Task directions: Lines before the one with "Section Smooth." are left out; return that line and all that follow it, exactly, through the end of the data.

─── Task material

(* Let $p\ge0$, $k\ge1$ and $0\le s\le r-1$. The stratum $\mathfrak{F}_sV_r=F_sV_r\setminus F_{s-1}V_r$ is a closed submanifold of $F_sV_r$ of codimension $s\cdot p$, i.e. of dimension $p\cdot(r-s)+r\cdot k$.
   Context: Here $q=1$: $V_r=V^k_r(\mathbb{R}^{p,1})$ is the space of unordered collections of $r$ pairwise disjoint unordered clusters in $\mathbb{R}^{p+1}=\mathbb{R}^p\times\mathbb{R}$, each cluster a set of $k$ distinct points with the same $\mathbb{R}^p$-coordinate; it is a manifold of dimension $pr+kr$. Two clusters are aligned if they have the same $\mathbb{R}^p$-coordinate, and entangled if their convex hulls (segments in a vertical line) intersect. For a configuration, consider the equivalence relation on its set of clusters generated by ''aligned and entangled''; the dexterity $\delta$ is the number of equivalence classes. For $s\ge-1$, $F_sV_r=\{[Z]\in V_r:\delta[Z]\ge r-s\}$ (an open subset of $V_r$), so $F_{-1}V_r=\emptyset$ and $F_{r-1}V_r=V_r$. *)

From HB Require Import structures.
From mathcomp Require Import all_boot all_order all_algebra.
From mathcomp Require Import all_classical all_reals all_analysis.
Set Implicit Arguments. Unset Strict Implicit. Unset Printing Implicit Defensive.
Import Order.TTheory GRing.Theory Num.Theory.
Import numFieldNormedType.Exports.
Local Open Scope classical_set_scope.
Local Open Scope ring_scope.

Section Smooth.
Variable R : realType.

Fixpoint Cn {V W : normedModType R} (n : nat) (f : V -> W) (U : set V) : Prop :=
  match n with
  | 0 => forall x, U x -> {for x, continuous f}
  | n.+1 => (forall x, U x -> {for x, continuous f}) /\
            (forall x v, U x -> derivable f x v) /\
            (forall v : V, Cn n ('D_v f) U)
  end.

──────

Solution to this exercise:
Section Smooth.
Variable R : realType.

Fixpoint Cn {V W : normedModType R} (n : nat) (f : V -> W) (U : set V) : Prop :=
  match n with
  | 0 => forall x, U x -> {for x, continuous f}
  | n.+1 => (forall x, U x -> {for x, continuous f}) /\
            (forall x v, U x -> derivable f x v) /\
            (forall v : V, Cn n ('D_v f) U)
  end.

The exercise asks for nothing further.